(Data items)
::::
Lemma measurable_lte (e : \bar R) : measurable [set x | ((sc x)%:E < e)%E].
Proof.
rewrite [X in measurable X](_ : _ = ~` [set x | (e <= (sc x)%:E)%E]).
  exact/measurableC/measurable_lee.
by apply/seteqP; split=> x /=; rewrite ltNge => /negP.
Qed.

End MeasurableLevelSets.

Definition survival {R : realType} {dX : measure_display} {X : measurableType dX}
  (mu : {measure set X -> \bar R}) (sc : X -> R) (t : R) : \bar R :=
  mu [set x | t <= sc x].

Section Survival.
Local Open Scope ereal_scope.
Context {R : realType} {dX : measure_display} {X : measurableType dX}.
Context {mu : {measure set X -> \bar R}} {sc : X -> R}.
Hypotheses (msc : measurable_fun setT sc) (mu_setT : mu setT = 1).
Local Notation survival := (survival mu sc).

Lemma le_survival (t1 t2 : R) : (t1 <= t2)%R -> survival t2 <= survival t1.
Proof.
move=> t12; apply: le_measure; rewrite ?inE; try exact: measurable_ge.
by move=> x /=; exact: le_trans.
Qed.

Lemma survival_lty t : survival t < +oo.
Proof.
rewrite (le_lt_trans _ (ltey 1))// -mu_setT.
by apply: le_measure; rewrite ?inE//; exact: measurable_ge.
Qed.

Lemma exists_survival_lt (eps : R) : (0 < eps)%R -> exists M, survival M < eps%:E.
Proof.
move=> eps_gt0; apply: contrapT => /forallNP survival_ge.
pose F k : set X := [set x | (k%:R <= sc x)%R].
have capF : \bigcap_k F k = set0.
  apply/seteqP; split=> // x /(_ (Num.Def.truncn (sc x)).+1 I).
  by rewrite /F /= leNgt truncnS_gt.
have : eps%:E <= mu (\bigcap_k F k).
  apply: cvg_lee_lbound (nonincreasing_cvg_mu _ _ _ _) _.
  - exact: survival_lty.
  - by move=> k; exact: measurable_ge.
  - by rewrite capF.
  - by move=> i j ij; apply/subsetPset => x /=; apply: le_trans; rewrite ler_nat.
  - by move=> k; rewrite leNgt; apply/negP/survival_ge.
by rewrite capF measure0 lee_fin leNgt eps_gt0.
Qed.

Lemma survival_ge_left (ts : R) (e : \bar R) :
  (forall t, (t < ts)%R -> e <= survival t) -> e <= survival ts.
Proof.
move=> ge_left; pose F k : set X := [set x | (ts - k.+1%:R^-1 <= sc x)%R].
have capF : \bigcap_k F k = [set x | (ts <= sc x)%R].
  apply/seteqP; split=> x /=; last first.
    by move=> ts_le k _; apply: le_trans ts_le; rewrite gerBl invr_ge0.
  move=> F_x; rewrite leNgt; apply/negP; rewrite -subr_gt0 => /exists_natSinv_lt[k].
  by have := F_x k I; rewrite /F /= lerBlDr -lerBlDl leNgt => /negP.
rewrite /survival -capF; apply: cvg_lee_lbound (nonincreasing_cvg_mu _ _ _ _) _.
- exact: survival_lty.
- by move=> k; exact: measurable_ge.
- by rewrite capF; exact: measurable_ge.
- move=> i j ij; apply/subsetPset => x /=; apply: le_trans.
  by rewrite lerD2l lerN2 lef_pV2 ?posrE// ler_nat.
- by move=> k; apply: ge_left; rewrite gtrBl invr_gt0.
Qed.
::::
Scan the lines above for "by have := F_x" and for "- move=> i j". Repeat exactly the line holding each of them and every line in between.

- [Task result]
  by have := F_x k I; rewrite /F /= lerBlDr -lerBlDl leNgt => /negP.
rewrite /survival -capF; apply: cvg_lee_lbound (nonincreasing_cvg_mu _ _ _ _) _.
- exact: survival_lty.
- by move=> k; exact: measurable_ge.
- by rewrite capF; exact: measurable_ge.
- move=> i j ij; apply/subsetPset => x /=; apply: le_trans.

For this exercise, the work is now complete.